Before you write a single line of SQL in a dbt model, ask yourself: What should always be true about the output of this model? Which columns should never be null? Which columns should always be unique? What referential integrity should exist between tables?
Then codify those assumptions in your schema.yml before you write the model.
models:
- name: fct_orders
columns:
- name: order_id
tests:
- unique
- not_null
- name: customer_id
tests:
- not_null
- relationships:
to: ref('dim_customers')
field: customer_id
- name: status
tests:
- accepted_values:
values: ['pending', 'shipped', 'delivered', 'cancelled']When your dbt tests run in CI before every merge, bad data assumptions get caught in development — not at 3am in production.
Advanced: Custom generic tests
{% test assert_positive_value(model, column_name) %}
select {{ column_name }}
from {{ model }}
where {{ column_name }} <= 0
{% endtest %}Now you can apply assert_positive_value to any revenue or quantity column across all your models.
Airflow: Build for Late Data, Not Just Scheduled Data
Airflow’s default mental model is simple: a DAG runs at a scheduled time, does its work, and completes. But production data is rarely that cooperative.
APIs go down. Upstream jobs run late. Files arrive in S3 hours after they should. If your DAG assumes the data will be there at 6am because it’s usually there at 6am, you’re one bad day away from a failure.

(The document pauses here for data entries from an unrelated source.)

(* Let $G$ be a finite connected regular line graph without isolated vertices, of valency $k>3$. If $V(G)$ can be partitioned into vertex sets of pairwise disjoint cliques of $G$, each of maximum size $\omega(G)$, then $G$ is symmetric with respect to graph entropy, i.e., the uniform distribution on $V(G)$ maximizes $H(G,P)$ over all probability distributions $P$ on $V(G)$.
   Context: A line graph is a graph of the form $L(H)$ for some graph $H$, whose vertices are the edges of $H$, two being adjacent when they share an endpoint. For a finite graph $G$ with $V(G)=\{1,\dots,n\}$, the vertex packing polytope $VP(G)\subseteq\mathbb{R}^n$ is the convex hull of the characteristic vectors of the independent sets of $G$. For a probability distribution $P=(p_1,\dots,p_n)$ on $V(G)$, the graph entropy is $H(G,P)=\min_{\mathbf a\in VP(G)}\sum_{i=1}^n p_i\log(1/a_i)$. *)

From HB Require Import structures.
From mathcomp Require Import all_boot all_order all_algebra.
From mathcomp Require Import all_classical all_reals all_analysis.
Set Implicit Arguments. Unset Strict Implicit. Unset Printing Implicit Defensive.
Import Order.TTheory GRing.Theory Num.Theory.
Local Open Scope ring_scope.

Definition simple_graph (V : finType) (e : rel V) : Prop :=
  symmetric e /\ irreflexive e.

Definition connected_graph (V : finType) (e : rel V) : Prop :=
  forall u v : V, connect e u v.

Definition nbhd (V : finType) (e : rel V) (v : V) : {set V} := [set w | e v w].

Definition regular_of (V : finType) (e : rel V) (k : nat) : Prop :=
  forall v : V, #|nbhd e v| = k.

Definition no_isolated (V : finType) (e : rel V) : Prop :=
  forall v : V, exists w : V, e v w.

Definition is_line_graph (V : finType) (e : rel V) : Prop :=
  exists (T : finType) (eH : rel T), simple_graph eH /\
  exists f : V -> {set T},
    [/\ injective f,
        (forall v, exists x y, eH x y /\ f v = [set x; y]),
        (forall x y, eH x y -> exists v, f v = [set x; y]) &
        (forall u v, u != v -> (e u v <-> f u :&: f v != finset.set0))].

Definition is_clique (V : finType) (e : rel V) (C : {set V}) : bool :=
  [forall x in C, forall y in C, (x != y) ==> e x y].

Definition is_independent (V : finType) (e : rel V) (S : {set V}) : bool :=
  [forall x in S, forall y in S, ~~ e x y].

Definition clique_number (V : finType) (e : rel V) : nat :=
  \max_(C : {set V} | is_clique e C) #|C|.

Definition max_clique_partitionable (V : finType) (e : rel V) : Prop :=
  exists Q : {set {set V}}, finset.partition Q [set: V] /\
    forall C, C \in Q -> is_clique e C /\ #|C| = clique_number e.

Local Open Scope classical_set_scope.

Definition charvec (R : realType) (V : finType) (S : {set V}) : V -> R :=
  fun i => if i \in S then 1 else 0.

Definition VP (R : realType) (V : finType) (e : rel V) : set (V -> R) :=
  [set a | exists lam : {set V} -> R,
     [/\ (forall S, 0 <= lam S),
         (forall S, ~~ is_independent e S -> lam S = 0),
         \sum_(S : {set V}) lam S = 1 &
         forall i, a i = \sum_(S : {set V}) lam S * @charvec R V S i]].

Definition is_distribution (R : realType) (V : finType) (P : V -> R) : Prop :=
  (forall i, 0 <= P i) /\ \sum_(i : V) P i = 1.

Definition uniform_distribution (R : realType) (V : finType) : V -> R :=
  fun _ => (#|V|%:R)^-1.

(* graph entropy H(G,P) = min_{a in VP(G)} sum_i p_i log(1/a_i), with the
   conventions 0 * log(1/a) = 0 and p * log(1/0) = +oo for p > 0.  The minimum
   is attained at a point where the objective is finite, so it equals the
   infimum of the finite values, i.e. over those a in VP(G) with a_i > 0
   whenever p_i > 0. *)
Definition graph_entropy (R : realType) (V : finType) (e : rel V) (P : V -> R) : R :=
  inf [set h : R | exists a, VP e a /\ (forall i, 0 < P i -> 0 < a i) /\
         h = \sum_(i : V | 0 < P i) P i * ln (a i)^-1].

Definition entropy_symmetric (R : realType) (V : finType) (e : rel V) : Prop :=
  forall P : V -> R, is_distribution P ->
    graph_entropy e P <= graph_entropy e (@uniform_distribution R V).

From HB Require Import structures.
From mathcomp Require Import all_boot all_order all_algebra.
From mathcomp Require Import all_classical all_reals all_analysis.
From mathcomp Require Import zify.
Set Implicit Arguments. Unset Strict Implicit. Unset Printing Implicit Defensive.

(* For every distribution P, the constant vector 1/chi(G) lies in VP(G) (it is the
   average of the colour classes of an optimal colouring), so H(G,P) <= ln chi(G).
   For the uniform distribution and any a in VP(G), the coordinates of a sum to at
   most 1 on every clique; summing ln(w a_i) <= w a_i - 1 over a partition of V(G)
   into w-cliques, w = omega(G), gives H(G,U) >= ln w.  Hence it suffices that
   chi(G) = omega(G).
   For G = L(H) with k > 3, a block of the partition is either a star of H or, only
   when w = 3, a triangle of H.  Colouring the vertices of star blocks is an edge
   colouring of a bipartite multigraph of maximum degree w (blocks against far
   ends), which Konig's theorem provides via Kempe chains.  A vertex of a triangle
   block then has at most two coloured neighbours, and the three vertices hanging
   off the triangle's corners force its own vertices to receive distinct colours. *)

Lemma avoided_colour (T : finType) (w : nat) (c : T -> 'I_w) (N : {set T}) :
  (#|N| < w)%N -> exists i, forall x, x \in N -> c x != i.
Proof.
move=> small; have : ~~ ([set: 'I_w] \subset c @: N).
  apply/negP => /subset_leq_card; rewrite cardsT card_ord leqNgt.
  by rewrite (leq_ltn_trans (leq_imset_card _ _) small).
case/subsetPn => i _ hi; exists i => x xN.
by apply: contraNneq hi => <-; apply: imset_f.
Qed.

Section KonigEdgeColouring.
Variables (E A B : finType) (p : E -> A) (q : E -> B) (w : nat).

Definition linked (x y : E) : Prop := p x = p y \/ q x = q y.

Definition proper_on (D : {set E}) (c : E -> 'I_w) : Prop :=
  forall x y, x \in D -> y \in D -> x != y -> linked x y -> c x != c y.

Lemma proper_on_linked_eq (D : {set E}) (c : E -> 'I_w) x y :
  proper_on D c -> x \in D -> y \in D -> linked x y -> c x = c y -> x = y.
Proof.
move=> Pc xD yD lxy cxy; apply/eqP; apply/negPn/negP => nxy.
by move: (Pc x y xD yD nxy lxy); rewrite cxy eqxx.
Qed.

Lemma proper_on_setU1 (D : {set E}) (c : E -> 'I_w) x0 i : x0 \notin D -> proper_on D c ->
  (forall x, x \in D -> p x = p x0 -> c x != i) ->
  (forall x, x \in D -> q x = q x0 -> c x != i) ->
  proper_on (x0 |: D) (fun x => if x == x0 then i else c x).
Proof.
move=> x0D Pc free_p free_q x y.
have neq_x0 z : z \in D -> z != x0 by move=> zD; apply: contraNneq x0D => <-.
rewrite !finset.in_setU1 => /orP[/eqP->|xD] /orP[/eqP->|yD] nxy.
- by rewrite eqxx in nxy.
- rewrite eqxx (negbTE (neq_x0 y yD)) eq_sym => -[] h; [exact: free_p | exact: free_q].
- rewrite eqxx (negbTE (neq_x0 x xD)) => -[] h; [exact: free_p | exact: free_q].
- by rewrite (negbTE (neq_x0 x xD)) (negbTE (neq_x0 y yD)); apply: Pc.
Qed.

Lemma missing_colour (c : E -> 'I_w) (D X : {set E}) x :
  x \in X -> x \notin D -> (#|X| <= w)%N ->
  exists i, forall y, y \in D -> y \in X -> c y != i.
Proof.
move=> xX xD cardX.
have [|i hi] := avoided_colour c (N := X :&: D).
  apply: leq_trans cardX; apply: proper_card; rewrite properE finset.subsetIl /=.
  by apply/subsetPn; exists x => //; rewrite inE (negbTE xD) andbF.
by exists i => y yD yX; apply: hi; rewrite inE yX.
Qed.

Section KempeChain.
Variables (D : {set E}) (c : E -> 'I_w) (i j : 'I_w) (a0 : A) (b0 : B) (x1 : E).
Hypothesis Pc : proper_on D c.
Hypothesis x1D : x1 \in D.
Hypothesis qx1 : q x1 = b0.
Hypothesis cx1 : c x1 = i.
Hypothesis i_free_a0 : forall x, x \in D -> p x = a0 -> c x != i.
Hypothesis j_free_b0 : forall x, x \in D -> q x = b0 -> c x != j.

(* The Kempe chain is the i/j-alternating path from x1; swapping i and j along
   it frees colour i at a0 and at b0. *)
Definition kempe_next (x : E) : option E :=
  if c x == i then [pick y in D | (p y == p x) && (c y == j)]
  else [pick y in D | (q y == q x) && (c y == i)].

Fixpoint kempe_walk n : option E :=
  if n is n'.+1 then (if kempe_walk n' is Some x then kempe_next x else None)
  else Some x1.

Definition kempe_chain : {set E} := [set x | `[< exists n, kempe_walk n = Some x >]].

Lemma kempe_colours_neq : i != j.
Proof. by apply: contraNneq (j_free_b0 x1D qx1) => <-; rewrite cx1. Qed.

Lemma kempe_next_i x y : c x = i -> kempe_next x = Some y ->
  [/\ y \in D, p y = p x & c y = j].
Proof.
rewrite /kempe_next => ->; rewrite eqxx.
by case: pickP => // z /andP[zD /andP[/eqP pz /eqP cz]] [<-].
Qed.

Lemma kempe_next_j x y : c x != i -> kempe_next x = Some y ->
  [/\ y \in D, q y = q x & c y = i].
Proof.
rewrite /kempe_next => /negbTE ->.
by case: pickP => // z /andP[zD /andP[/eqP qz /eqP cz]] [<-].
Qed.

Lemma kempe_next_i_defined x y : c x = i -> y \in D -> p y = p x -> c y = j ->
  exists z, kempe_next x = Some z.
Proof.
move=> cx yD pyx cy; rewrite /kempe_next cx eqxx.
case: pickP => [z _|none]; first by exists z.
by move: (none y); rewrite yD pyx cy !eqxx.
Qed.

Lemma kempe_next_j_defined x y : c x != i -> y \in D -> q y = q x -> c y = i ->
  exists z, kempe_next x = Some z.
Proof.
move=> cx yD qyx cy; rewrite /kempe_next (negbTE cx).
case: pickP => [z _|none]; first by exists z.
by move: (none y); rewrite yD qyx cy !eqxx.
Qed.

Lemma kempe_chain_sub x : x \in kempe_chain -> x \in D /\ (c x = i \/ c x = j).
Proof.
rewrite finset.in_set => /asboolP[n]; elim: n x => [|n IH] x /=.
  by case=> <-; split => //; left.
case: (kempe_walk n) IH => // z /(_ z erefl)[_ cz].
case: (eqVneq (c z) i) => [/kempe_next_i|/kempe_next_j] h /h[xD _ cx]; split => //.
  by right.
by left.
Qed.

Lemma kempe_chain_start : x1 \in kempe_chain.
Proof. by rewrite finset.in_set; apply/asboolP; exists 0. Qed.

Lemma kempe_chain_next x y : x \in kempe_chain -> kempe_next x = Some y ->
  y \in kempe_chain.
Proof.
rewrite !finset.in_set => /asboolP[n hn] hxy; apply/asboolP.
by exists n.+1 => /=; rewrite hn.
Qed.

Lemma kempe_chain_prev x : x \in kempe_chain -> x != x1 ->
  exists2 z, z \in kempe_chain & kempe_next z = Some x.
Proof.
rewrite finset.in_set => /asboolP[[|n]] /=; first by case=> ->; rewrite eqxx.
case hn: (kempe_walk n) => [z|] // hz _; exists z => //.
by rewrite finset.in_set; apply/asboolP; exists n.
Qed.

Lemma kempe_chain_closed_i x y : x \in kempe_chain -> c x = i ->
  y \in D -> linked x y -> c y = j -> y \in kempe_chain.
Proof.
move=> xK cx yD lxy cy; have [xD _] := kempe_chain_sub xK.
case: lxy => lxy.
  have [z xz] := kempe_next_i_defined cx yD (esym lxy) cy.
  have [zD pz cz] := kempe_next_i cx xz.
  suff <- : z = y by apply: kempe_chain_next xz.
  by apply: (proper_on_linked_eq Pc zD yD); [left; rewrite pz | rewrite cz cy].
have nx1 : x != x1.
  by apply/eqP => ex; move: (j_free_b0 yD); rewrite -lxy ex qx1 cy eqxx => /(_ erefl).
have [z zK zx] := kempe_chain_prev xK nx1.
have [zD _] := kempe_chain_sub zK.
have ncz : c z != i.
  apply: contraTneq kempe_colours_neq => cz.
  by have [_ _] := kempe_next_i cz zx; rewrite cx => ->; rewrite eqxx.
have [_ qz cz] := kempe_next_j ncz zx.
have czj : c z = j by case: (kempe_chain_sub zK) => _ [cz'|//]; rewrite cz' eqxx in ncz.
suff -> : y = z by [].
by apply: (proper_on_linked_eq Pc yD zD); [right; rewrite -lxy qz | rewrite cy czj].
Qed.
Fact coord_comb_linear w : linear (coord_comb w).
Proof.
move=> a c d; rewrite /coord_comb scaler_sumr -big_split /=.
by apply: eq_bigr => i _; rewrite !mxE scalerDl scalerA.
Qed.

HB.instance Definition _ w :=
  GRing.isLinear.Build 'F_3 'rV['F_3]_n L _ (coord_comb w) (coord_comb_linear w).

Definition syndrome (w1 w2 : nat -> F) (c : 'rV['F_3]_n) : L * L :=
  (coord_comb w1 c, coord_comb w2 c).

Fact syndrome_linear w1 w2 : linear (syndrome w1 w2).
Proof. by move=> a c d; rewrite /syndrome !linearP. Qed.

HB.instance Definition _ w1 w2 := GRing.isLinear.Build 'F_3 'rV['F_3]_n (L * L)%type _
  (syndrome w1 w2) (syndrome_linear w1 w2).

Lemma code_dim_kernel (C : {set 'rV['F_3]_n}) (f : 'Hom('rV['F_3]_n, (L * L)%type)) :
  C =i lker f -> code_dim C = \dim (lker f).
Proof.
move=> CE; congr (\dim _); apply/eqP; rewrite eqEsubv; apply/andP; split.
  by apply/span_subvP => c; rewrite mem_enum CE.
by apply/subvP => c cf; apply: memv_span; rewrite mem_enum CE.
Qed.

Lemma code_dim_syndrome_onto w1 w2 :
  (forall a b : L, exists c, syndrome w1 w2 c = (a, b)) ->
  code_dim [set c | syndrome w1 w2 c == 0] = (n - 2 * \dim {: L})%N.
Proof.
move=> onto; set f := linfun (syndrome w1 w2).
have -> : code_dim [set c | syndrome w1 w2 c == 0] = \dim (lker f).
  by apply: code_dim_kernel => c; rewrite inE memv_ker lfunE.
have img : limg f = fullv.
  apply/eqP; rewrite eqEsubv subvf; apply/subvP => -[a b] _.
  by have [c cE] := onto a b; rewrite -cE -lfunE memv_img ?memvf.
have dim_row : \dim {: 'rV['F_3]_n} = n by rewrite dimvf /dim /= mul1n.
have dim_pair : \dim {: (L * L)%type} = (2 * \dim {: L})%N by rewrite !dimvf mul2n -addnn.
by have := limg_ker_dim f fullv; rewrite capfv img dim_row dim_pair; lia.
Qed.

Use sensors instead of assuming
from airflow.sensors.s3_key_sensor import S3KeySensor
wait_for_file = S3KeySensor(
task_id='wait_for_daily_export',
bucket_name='my-data-bucket',
bucket_key='exports/{{ ds }}/orders.parquet',
poke_interval=300, # check every 5 minutes
timeout=7200, # fail after 2 hours
mode='reschedule', # don't hold a worker slot while waiting
dag=dag
)The mode='reschedule' is critical — it releases the worker slot between pokes so you don’t exhaust your Airflow worker pool waiting for files.
Set SLAs on your critical DAGs
from datetime import timedelta
dag = DAG(
'daily_revenue_pipeline',
schedule_interval='0 6 * * *',
sla_miss_callback=notify_on_slack,
default_args={
'sla': timedelta(hours=2),
'retries': 3,
'retry_delay': timedelta(minutes=5)
}
)SLA misses trigger a callback — so you find out about slow jobs before your stakeholders do.
Make every DAG idempotent
This is the rule that saves you during re-runs. Every DAG run should produce the same result whether it runs once or ten times. No duplicates, no partial loads.
Use INSERT OVERWRITE instead of INSERT INTO. Use date-partitioned tables and overwrite the partition. Use MERGE statements for slowly changing dimensions. Build idempotency in from day one, not as a fix after your first duplicate incident.
Bringing It Together: The Senior Data Engineer Mindset
The tools — Spark, dbt, Airflow — are just tools. What makes a senior data engineer is the mindset they bring to using them.
Design for failure. Ask “what happens when this breaks?” before “will this work?”
Validate at every layer. dbt tests on the transformation layer. Spark data quality checks on the ingestion layer. Airflow sensors on the orchestration layer.
Instrument everything. Logs, metrics, SLA alerts. If you can’t observe it, you can’t fix it at 3am.
Build for re-runs. Idempotent pipelines mean that when something goes wrong (and it will), the recovery is a single button press.
The pipelines that survive in production aren’t the cleverest ones. They’re the ones built by engineers who assumed things would go wrong — and planned accordingly.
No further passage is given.